Chinese iron ore futures rallied more than 1 per cent, as steel futures recovered after a three-day slide.

Construction-used rebar on the Shanghai Futures Exchange edged up 1.1 per cent to end at 3,696 RMB per tonne, after falling as low as 3,627 RMB earlier in the session.

On the Dalian Commodity Exchange, the most-traded iron ore contract for January delivery closed up 1.2 per cent at 470 RMB ($71) a tonne.

Coal futures outperformed. Coking coal jumped 2.9 per cent to 1,211 RMB per tonne, and coke climbed 4 per cent to 1,906 RMB.

Chinese steel rebar photo

But, as you may have known, plentiful stockpiles of the steelmaking raw material in China, which are at their highest since August, kept gains in iron ore price curbed.

Inventory of imported iron ore at China's major ports reached 138.48 million tonnes as of Friday, the most since Aug. 4, according to data compiled by SteelHome consultancy. 

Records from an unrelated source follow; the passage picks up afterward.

Theorem proposition2p9 (M : zmodType) :
  fin_gen M -> centrally_endo_AIP M -> torsion_free M \/ semisimple M.
Proof.
move=> Mfg aip.
have [|/not_torsion_free_prime [p [t [p_pr t_neq0 tp0]]]] := pselect (torsion_free M).
  by left.
have Mtors := fg_torsion_of_prime_torsion Mfg (aip _ (torsion_fully_invariant M))
  p_pr t_neq0 tp0.
right; apply: (fg_semisimple _ Mfg Mtors) => r u r_pr.
exact: fg_prime_sq_torsion Mfg Mtors (aip _ (multiples_fully_invariant M r)) r_pr.
Qed.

China's iron ore imports declined nearly 23 per cent in October from a record level the previous month as mills braced for the production cuts. But China's own iron ore output last month rose 3.9 per cent from a year ago. 

Against weakening demand from steel mills, the increase in China's iron ore production "will only lead to less import appetite, weighing down on seaborne price," Argonaut Securities analyst Helen Lau said in a note.

"We remain bearish on iron ore price,"the analyst also said.

Demand for iron ore was likely to be cut as Chinese steel mills, mainly in the country's north, cut production during winter in line with Beijing's campaign against pollution, according to what the traders and analysts said. ($1 = 6.6340 RMB)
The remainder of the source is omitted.